The outgoing English title-holders’ appeal against a two-year ban is being staged between yesterday and tomorrow by the Lausanne-based Court of Arbitration for Sport. A verdict is likely in late July. Either side could then appeal to the Swiss Federal Court.
Although CAS has conceded a principle of open hearings this one is being held behind closed doors and via video conference.
City, who are still alive in this season’s halted Champions League, were handed the ban in in February for “serious breaches” of club licensing and financial fair play regulations.
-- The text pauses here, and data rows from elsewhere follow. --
Lemma bopB f g : B f -> B g -> A (fun x => f x - g x) = (fun x => A f x - A g x).
Proof. by move=> Bf Bg; rewrite bopD ?bopN //; exact: inBN. Qed.

End BoundedOp.

Lemma bounded_op_comp A1 A2 : bounded_op B nrm A1 -> bounded_op B nrm A2 ->
  bounded_op B nrm (fun f => A1 (A2 f)).
Proof.
move=> b1 b2; have [c1 c10 H1] := bop_bound b1; have [c2 c20 H2] := bop_bound b2.
split=> [f Bf|]; first by do 2 apply: bop_in => //.
split=> [f g c Bf Bg|]; first by rewrite (bop_lin b2) // (bop_lin b1) //; exact: bop_in.
exists (c1 * c2) => f Bf; apply: le_trans (H1 _ (bop_in b2 Bf)) _.
by rewrite -mulrA ler_wpM2l ?H2.
Qed.

Lemma bounded_op_add A1 A2 : bounded_op B nrm A1 -> bounded_op B nrm A2 ->
  bounded_op B nrm (fun f x => A1 f x + A2 f x).
Proof.
move=> b1 b2; have [c1 c10 H1] := bop_bound b1; have [c2 c20 H2] := bop_bound b2.
split=> [f Bf|]; first by apply: inBD; apply: bop_in.
split=> [f g c Bf Bg|].
  by rewrite (bop_lin b1) // (bop_lin b2) //; apply/funext => x; ring.
exists (c1 + c2) => f Bf; apply: le_trans (nrm_tri (bop_in b1 Bf) (bop_in b2 Bf)) _.
by rewrite mulrDl lerD ?H1 ?H2.
Qed.

Lemma bounded_op_opp A : bounded_op B nrm A -> bounded_op B nrm (fun f x => - A f x).
Proof.
move=> bA; have [c c0 Hc] := bop_bound bA.
split=> [f Bf|]; first by apply: inBN; apply: bop_in.
split=> [f g k Bf Bg|]; first by rewrite (bop_lin bA) //; apply/funext => x; ring.
by exists c => f Bf; rewrite nrmN ?Hc //; exact: bop_in.
Qed.

Lemma bounded_op_id : bounded_op B nrm id.
Proof. by do 2 split => //; exists 1 => f _; rewrite mul1r. Qed.

Lemma bounded_op_zero : bounded_op B nrm (fun f x => 0).
Proof.
split=> [f _|]; first exact: inB0.
split=> [f g c _ _|]; first by apply/funext => x; rewrite mulr0 addr0.
by exists 0 => f _; rewrite nrm0 mul0r.
Qed.

Lemma bounded_op_subI A : bounded_op B nrm A ->
  bounded_op B nrm (fun f x => f x - A f x).
Proof.
by move=> bA; apply: bounded_op_add; [exact: bounded_op_id | exact: bounded_op_opp].
Qed.

Lemma bounded_op_iter A n : bounded_op B nrm A -> bounded_op B nrm (iter n A).
Proof.
move=> bA; elim: n => [|n IH]; first exact: bounded_op_id.
exact: (bounded_op_comp bA IH).
Qed.

Definition op_littleo (E : R -> op) :=
  forall e, 0 < e -> \forall h \near (0 : R), forall f, B f ->
    B (E h f) /\ nrm (E h f) <= e * `|h| * nrm f.

Definition op_rem (F : R -> op) (D : op) : R -> op :=
  fun h f x => F h f x - F 0 f x - (h%:C)%C * D f x.

Definition op_bounded_near0 (F : R -> op) :=
  exists2 K, 0 <= K & \forall h \near (0 : R),
    bounded_op B nrm (F h) /\ forall f, B f -> nrm (F h f) <= K * nrm f.

Lemma op_deriv0P (F : R -> op) (D : op) :
  (\forall h \near (0 : R), forall f, B f -> B (F h f)) ->
  op_deriv B nrm F 0 D <-> bounded_op B nrm D /\ op_littleo (op_rem F D).
Proof.
move=> BF; have BF0 := nbhs_singleton BF.
split=> -[bD HD]; split=> // e e0.
- have [del [del0 Hdel]] := HD e e0.
  apply: filterS2 _ _ BF (near0_norm_lt del0) => h BFh hdel f Bf; split.
    by apply: inBB; [apply: inBB; [exact: BFh | exact: BF0] | exact/inBZ/(bop_in bD)].
  have [->|h0] := eqVneq h 0.
    rewrite /op_rem normr0 !mulr0 mul0r rmorph0.
    by under eq_fun do rewrite mul0r subrr subr0; rewrite nrm0.
  by have := Hdel h _ f Bf; rewrite add0r normr_gt0 h0; apply.
- have [del /= del0 Hdel] := nbhs_norm0P.1 (HD e e0).
  exists del; split=> // h /andP[_ hdel] f Bf; rewrite add0r.
  exact: (Hdel h hdel f Bf).2.
Qed.
(* Let $\Lambda$ be a locally finite $k$-graph with no sources or sinks, and let $\alpha$ be an action of $\mathbb{Z}^l$ on $\Lambda$ by automorphisms. Then $\Lambda$ is $\alpha$-aperiodic if and only if $(\Lambda^\infty,\tau^{\sigma,\alpha})$ is topologically free.
   Context: A $k$-graph is a countable category $\Lambda$ with a functor $d:\Lambda\to\mathbb{N}^k$ with unique factorisation; vertices are degree-$0$ morphisms. Locally finite with no sources or sinks: for each $p$ and vertex $v$, $v\Lambda^p$ and $\Lambda^pv$ are finite and nonempty. An automorphism is a bijective degree-preserving functor. $\Lambda^\infty$ is the set of degree-preserving functors $x:\Omega_k\to\Lambda$ ($\Omega_k=\{(a,b)\in\mathbb{N}^k\times\mathbb{N}^k:a\le b\}$ with $r(a,b)=(a,a)$, $s(a,b)=(b,b)$, $(a,b)(b,c)=(a,c)$, $d(a,b)=b-a$), with topology generated by the cylinder sets $\lambda\Lambda^\infty=\{x:x(0,d(\lambda))=\lambda\}$; $v\Lambda^\infty=\{x:x(0,0)=v\}$; $\sigma^p(x)(0,n)=x(p,p+n)$; $\phi^\infty(x)(0,n)=\phi(x(0,n))$ for an automorphism $\phi$. $\tau^{\sigma,\alpha}_{(p,m)}=\sigma^p\circ\alpha^\infty_{-m}$ for $(p,m)\in\mathbb{N}^k\times\mathbb{N}^l$. $(\Lambda^\infty,\tau^{\sigma,\alpha})$ is topologically free if for all distinct $s,t\in\mathbb{N}^k\times\mathbb{N}^l$ the set $\{x:\tau^{\sigma,\alpha}_s(x)=\tau^{\sigma,\alpha}_t(x)\}$ has empty interior. $\Lambda$ is $\alpha$-aperiodic if for each vertex $v$ and distinct $(p,m),(q,n)\in\mathbb{N}^k\times\mathbb{N}^l$ there is $x\in v\Lambda^\infty$ with $\sigma^p(\alpha^\infty_{-m}(x))\ne\sigma^q(\alpha^\infty_{-n}(x))$. *)

From mathcomp Require Import all_boot all_algebra.
Set Implicit Arguments. Unset Strict Implicit. Unset Printing Implicit Defensive.

(* N^k and Z^l as finite functions (extensional, decidable equality) *)
Notation Nk k := {ffun 'I_k -> nat}.
Notation Zl l := {ffun 'I_l -> int}.

Definition zeroN k : Nk k := [ffun _ => 0%N].
Definition addN k (m n : Nk k) : Nk k := [ffun i => (m i + n i)%N].
Definition subN k (m n : Nk k) : Nk k := [ffun i => (m i - n i)%N].
Definition leN k (m n : Nk k) : bool := [forall i, (m i <= n i)%N].

Definition zeroZ l : Zl l := [ffun _ => 0%R].
Definition addZ l (z w : Zl l) : Zl l := [ffun i => (z i + w i)%R].
Definition negN l (m : Nk l) : Zl l := [ffun i => (- (m i)%:Z)%R].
City have denied the breaches.
The independent adjudicatory chamber of UEFA’s club financial control body ruled that found City had broken the rules by “overstating its sponsorship revenue in its accounts and in the break-even information submitted between 2012 and 2016.” It also complained that the club had “failed to cooperate in the investigation”.
UEFA launched an investigation after German newspaper Der Spiegel published leaked documents in November 2018 alleging City had deliberately inflated the value of a sponsorship deal.
CAS oversees around 700 cases a year and a majority are football matters, notably registration issues.
However this is new ground because the City case is the first in which UEFA has banned a club for two years instead of one over FFP breaches and it is the first time CAS has had to deal with a ban imposed based on information gained from leaks or hacks.
Initially, even UEFA baulked at taking advantage of the information generated by the Football Leaks operation apparently run by the Portuguese hacker Rui Pinto (who now awaits trial in Portugal on violation of privacy and extortion charges.
UEFA clearly felt that a heavy penalty was necessary because City had been penalised once before over financial fair play. That was back in 2014 when they paid a €20m fine.
City have always denied the accusations. Their ceo, Ferran Soriano, said earlier this year: “We did co-operate with this process. We delivered a long list of documents and support that we believe is irrefutable evidence that the claims are not true.”
CAS has previously accepted the use of hacked evidence and the court’s authority has been validated comparatively recently by the Swiss Federal Court which deals with any appeals.